• **TASK INSTRUCTIONS**
Of the entries below, restate word for word only the section that runs from the line with "Lemma connected_XH : connected XH." to the line with "apply reachable_point_eq. rewrite", counting both ends.

• **DATA SHOWN**
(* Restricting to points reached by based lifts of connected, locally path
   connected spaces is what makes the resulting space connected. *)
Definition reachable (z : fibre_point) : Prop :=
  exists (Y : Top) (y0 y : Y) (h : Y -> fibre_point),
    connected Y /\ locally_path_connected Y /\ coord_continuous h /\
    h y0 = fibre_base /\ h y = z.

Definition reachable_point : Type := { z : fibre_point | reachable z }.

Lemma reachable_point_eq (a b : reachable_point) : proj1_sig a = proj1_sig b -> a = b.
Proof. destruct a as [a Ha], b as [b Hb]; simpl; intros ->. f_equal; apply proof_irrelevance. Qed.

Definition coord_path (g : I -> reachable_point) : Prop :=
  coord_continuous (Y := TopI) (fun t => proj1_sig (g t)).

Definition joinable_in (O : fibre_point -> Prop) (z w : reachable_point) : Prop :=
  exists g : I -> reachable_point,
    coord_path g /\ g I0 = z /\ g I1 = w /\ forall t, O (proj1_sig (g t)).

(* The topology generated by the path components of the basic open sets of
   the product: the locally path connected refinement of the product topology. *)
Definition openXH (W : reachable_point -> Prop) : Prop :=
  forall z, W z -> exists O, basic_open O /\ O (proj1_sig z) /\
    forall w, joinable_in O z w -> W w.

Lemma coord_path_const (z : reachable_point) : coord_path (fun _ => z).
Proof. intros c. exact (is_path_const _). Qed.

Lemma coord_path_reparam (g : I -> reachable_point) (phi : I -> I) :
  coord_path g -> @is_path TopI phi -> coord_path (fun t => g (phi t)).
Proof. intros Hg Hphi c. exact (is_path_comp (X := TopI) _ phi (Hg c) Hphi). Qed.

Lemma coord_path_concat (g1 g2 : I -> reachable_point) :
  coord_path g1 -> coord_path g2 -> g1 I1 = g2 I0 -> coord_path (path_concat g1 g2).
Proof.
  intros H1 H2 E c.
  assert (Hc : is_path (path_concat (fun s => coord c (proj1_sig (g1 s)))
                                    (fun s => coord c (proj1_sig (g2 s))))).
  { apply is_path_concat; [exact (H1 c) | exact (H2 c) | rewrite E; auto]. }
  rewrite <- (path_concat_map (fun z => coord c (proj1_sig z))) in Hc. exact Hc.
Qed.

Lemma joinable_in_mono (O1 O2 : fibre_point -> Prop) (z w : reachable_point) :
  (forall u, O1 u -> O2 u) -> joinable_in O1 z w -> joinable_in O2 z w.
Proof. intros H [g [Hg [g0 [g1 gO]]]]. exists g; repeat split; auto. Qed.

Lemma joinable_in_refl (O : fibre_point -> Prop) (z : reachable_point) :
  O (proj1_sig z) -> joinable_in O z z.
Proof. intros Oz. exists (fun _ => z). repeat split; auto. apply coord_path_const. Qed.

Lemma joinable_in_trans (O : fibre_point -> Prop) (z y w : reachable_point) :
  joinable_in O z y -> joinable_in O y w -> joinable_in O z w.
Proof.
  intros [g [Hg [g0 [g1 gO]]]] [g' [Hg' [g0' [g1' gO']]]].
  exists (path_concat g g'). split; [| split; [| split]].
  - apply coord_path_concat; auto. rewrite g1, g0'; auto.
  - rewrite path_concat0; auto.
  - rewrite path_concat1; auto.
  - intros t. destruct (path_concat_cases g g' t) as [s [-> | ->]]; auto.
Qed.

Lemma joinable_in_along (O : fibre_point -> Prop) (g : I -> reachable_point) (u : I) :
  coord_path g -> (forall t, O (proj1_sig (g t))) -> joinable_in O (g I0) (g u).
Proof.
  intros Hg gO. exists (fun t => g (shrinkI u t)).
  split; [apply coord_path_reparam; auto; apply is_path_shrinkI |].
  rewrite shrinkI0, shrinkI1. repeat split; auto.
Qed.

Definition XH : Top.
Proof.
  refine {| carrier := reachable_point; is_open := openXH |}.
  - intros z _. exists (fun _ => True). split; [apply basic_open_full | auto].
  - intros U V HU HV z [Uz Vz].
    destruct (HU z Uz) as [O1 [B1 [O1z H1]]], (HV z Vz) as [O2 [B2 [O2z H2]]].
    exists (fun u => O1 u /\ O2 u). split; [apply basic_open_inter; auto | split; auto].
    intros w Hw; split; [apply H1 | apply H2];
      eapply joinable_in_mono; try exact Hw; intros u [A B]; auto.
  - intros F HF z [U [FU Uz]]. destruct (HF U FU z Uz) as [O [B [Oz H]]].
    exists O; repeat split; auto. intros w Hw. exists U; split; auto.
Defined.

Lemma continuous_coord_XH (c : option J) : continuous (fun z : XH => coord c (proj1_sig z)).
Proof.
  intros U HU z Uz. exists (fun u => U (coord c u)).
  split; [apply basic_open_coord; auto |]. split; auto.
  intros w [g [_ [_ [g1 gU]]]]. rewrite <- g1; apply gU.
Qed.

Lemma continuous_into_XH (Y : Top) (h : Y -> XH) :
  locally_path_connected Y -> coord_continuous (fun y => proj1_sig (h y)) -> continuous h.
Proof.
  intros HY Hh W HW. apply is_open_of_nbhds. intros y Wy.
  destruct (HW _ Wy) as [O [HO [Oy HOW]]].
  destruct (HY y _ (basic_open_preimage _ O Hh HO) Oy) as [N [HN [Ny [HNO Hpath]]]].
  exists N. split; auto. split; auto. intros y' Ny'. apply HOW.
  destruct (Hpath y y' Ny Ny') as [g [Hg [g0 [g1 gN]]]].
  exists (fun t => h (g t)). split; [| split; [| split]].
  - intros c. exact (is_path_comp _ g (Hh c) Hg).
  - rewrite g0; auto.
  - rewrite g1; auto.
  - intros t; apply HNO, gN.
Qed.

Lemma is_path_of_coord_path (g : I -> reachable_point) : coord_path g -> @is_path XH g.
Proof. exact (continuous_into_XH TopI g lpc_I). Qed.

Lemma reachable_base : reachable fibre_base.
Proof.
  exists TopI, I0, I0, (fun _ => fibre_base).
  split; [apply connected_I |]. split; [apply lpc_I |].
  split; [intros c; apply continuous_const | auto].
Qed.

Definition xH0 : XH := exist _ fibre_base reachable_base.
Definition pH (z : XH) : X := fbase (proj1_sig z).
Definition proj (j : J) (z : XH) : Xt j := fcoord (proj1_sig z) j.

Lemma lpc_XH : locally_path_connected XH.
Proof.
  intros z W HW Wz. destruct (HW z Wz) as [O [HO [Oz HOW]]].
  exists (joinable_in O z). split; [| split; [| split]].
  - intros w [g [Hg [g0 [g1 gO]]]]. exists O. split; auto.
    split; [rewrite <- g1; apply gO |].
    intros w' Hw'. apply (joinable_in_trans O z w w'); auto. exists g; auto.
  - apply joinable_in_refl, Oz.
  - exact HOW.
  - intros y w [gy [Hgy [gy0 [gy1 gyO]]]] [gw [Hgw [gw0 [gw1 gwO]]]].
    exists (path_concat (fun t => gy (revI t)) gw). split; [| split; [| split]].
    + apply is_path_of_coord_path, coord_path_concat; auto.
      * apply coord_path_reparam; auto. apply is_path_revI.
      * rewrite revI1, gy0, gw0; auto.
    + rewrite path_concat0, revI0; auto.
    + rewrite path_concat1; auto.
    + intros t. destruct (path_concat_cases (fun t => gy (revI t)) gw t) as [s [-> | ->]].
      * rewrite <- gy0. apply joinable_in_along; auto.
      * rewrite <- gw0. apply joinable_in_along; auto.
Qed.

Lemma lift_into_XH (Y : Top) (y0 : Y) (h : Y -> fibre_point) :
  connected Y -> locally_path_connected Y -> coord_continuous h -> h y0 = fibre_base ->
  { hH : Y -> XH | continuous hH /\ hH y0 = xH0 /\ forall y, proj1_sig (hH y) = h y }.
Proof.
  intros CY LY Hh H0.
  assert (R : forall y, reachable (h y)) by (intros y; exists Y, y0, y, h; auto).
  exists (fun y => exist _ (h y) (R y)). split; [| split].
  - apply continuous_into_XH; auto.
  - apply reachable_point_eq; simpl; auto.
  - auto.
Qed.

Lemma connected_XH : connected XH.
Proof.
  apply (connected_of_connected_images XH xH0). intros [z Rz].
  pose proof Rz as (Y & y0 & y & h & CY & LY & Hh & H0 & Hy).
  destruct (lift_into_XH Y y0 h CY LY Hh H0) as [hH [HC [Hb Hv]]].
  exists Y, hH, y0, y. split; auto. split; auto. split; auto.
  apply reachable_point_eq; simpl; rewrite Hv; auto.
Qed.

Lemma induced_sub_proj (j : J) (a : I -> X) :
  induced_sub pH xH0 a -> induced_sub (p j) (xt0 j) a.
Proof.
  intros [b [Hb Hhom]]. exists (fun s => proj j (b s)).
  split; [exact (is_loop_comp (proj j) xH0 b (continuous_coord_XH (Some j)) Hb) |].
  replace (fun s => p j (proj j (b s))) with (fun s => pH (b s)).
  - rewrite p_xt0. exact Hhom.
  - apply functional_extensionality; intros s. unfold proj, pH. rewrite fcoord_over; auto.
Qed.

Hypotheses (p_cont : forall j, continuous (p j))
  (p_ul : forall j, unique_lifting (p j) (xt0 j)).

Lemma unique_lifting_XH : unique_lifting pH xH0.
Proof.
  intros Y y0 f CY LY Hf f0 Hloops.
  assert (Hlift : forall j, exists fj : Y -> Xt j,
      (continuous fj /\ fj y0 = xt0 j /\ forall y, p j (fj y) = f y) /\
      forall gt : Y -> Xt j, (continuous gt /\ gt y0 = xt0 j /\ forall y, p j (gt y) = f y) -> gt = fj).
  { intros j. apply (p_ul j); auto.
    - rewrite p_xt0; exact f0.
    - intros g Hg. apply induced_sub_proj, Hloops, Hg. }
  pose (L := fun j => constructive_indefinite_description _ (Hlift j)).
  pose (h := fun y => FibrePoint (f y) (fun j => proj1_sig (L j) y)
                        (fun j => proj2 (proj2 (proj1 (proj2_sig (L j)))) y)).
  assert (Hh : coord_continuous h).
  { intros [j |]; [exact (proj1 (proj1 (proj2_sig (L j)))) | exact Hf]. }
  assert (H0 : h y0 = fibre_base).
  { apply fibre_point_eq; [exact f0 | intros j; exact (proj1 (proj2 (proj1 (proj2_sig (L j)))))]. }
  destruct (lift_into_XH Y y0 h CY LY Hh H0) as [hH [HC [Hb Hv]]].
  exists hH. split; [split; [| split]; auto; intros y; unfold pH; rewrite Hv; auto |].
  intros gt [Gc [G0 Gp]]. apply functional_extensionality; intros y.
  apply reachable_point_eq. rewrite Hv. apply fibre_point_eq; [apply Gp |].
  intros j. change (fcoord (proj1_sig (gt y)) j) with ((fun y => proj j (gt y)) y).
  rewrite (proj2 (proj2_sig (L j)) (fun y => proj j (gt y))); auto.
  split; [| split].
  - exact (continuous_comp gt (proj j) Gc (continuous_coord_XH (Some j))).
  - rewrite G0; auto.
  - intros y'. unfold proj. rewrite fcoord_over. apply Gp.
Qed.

• **ANSWER SECTION**
Lemma connected_XH : connected XH.
Proof.
  apply (connected_of_connected_images XH xH0). intros [z Rz].
  pose proof Rz as (Y & y0 & y & h & CY & LY & Hh & H0 & Hy).
  destruct (lift_into_XH Y y0 h CY LY Hh H0) as [hH [HC [Hb Hv]]].
  exists Y, hH, y0, y. split; auto. split; auto. split; auto.
  apply reachable_point_eq; simpl; rewrite Hv; auto.
Qed.

Lemma induced_sub_proj (j : J) (a : I -> X) :
  induced_sub pH xH0 a -> induced_sub (p j) (xt0 j) a.
Proof.
  intros [b [Hb Hhom]]. exists (fun s => proj j (b s)).
  split; [exact (is_loop_comp (proj j) xH0 b (continuous_coord_XH (Some j)) Hb) |].
  replace (fun s => p j (proj j (b s))) with (fun s => pH (b s)).
  - rewrite p_xt0. exact Hhom.
  - apply functional_extensionality; intros s. unfold proj, pH. rewrite fcoord_over; auto.
Qed.

Hypotheses (p_cont : forall j, continuous (p j))
  (p_ul : forall j, unique_lifting (p j) (xt0 j)).

Lemma unique_lifting_XH : unique_lifting pH xH0.
Proof.
  intros Y y0 f CY LY Hf f0 Hloops.
  assert (Hlift : forall j, exists fj : Y -> Xt j,
      (continuous fj /\ fj y0 = xt0 j /\ forall y, p j (fj y) = f y) /\
      forall gt : Y -> Xt j, (continuous gt /\ gt y0 = xt0 j /\ forall y, p j (gt y) = f y) -> gt = fj).
  { intros j. apply (p_ul j); auto.
    - rewrite p_xt0; exact f0.
    - intros g Hg. apply induced_sub_proj, Hloops, Hg. }
  pose (L := fun j => constructive_indefinite_description _ (Hlift j)).
  pose (h := fun y => FibrePoint (f y) (fun j => proj1_sig (L j) y)
                        (fun j => proj2 (proj2 (proj1 (proj2_sig (L j)))) y)).
  assert (Hh : coord_continuous h).
  { intros [j |]; [exact (proj1 (proj1 (proj2_sig (L j)))) | exact Hf]. }
  assert (H0 : h y0 = fibre_base).
  { apply fibre_point_eq; [exact f0 | intros j; exact (proj1 (proj2 (proj1 (proj2_sig (L j)))))]. }
  destruct (lift_into_XH Y y0 h CY LY Hh H0) as [hH [HC [Hb Hv]]].
  exists hH. split; [split; [| split]; auto; intros y; unfold pH; rewrite Hv; auto |].
  intros gt [Gc [G0 Gp]]. apply functional_extensionality; intros y.
  apply reachable_point_eq. rewrite Hv. apply fibre_point_eq; [apply Gp |].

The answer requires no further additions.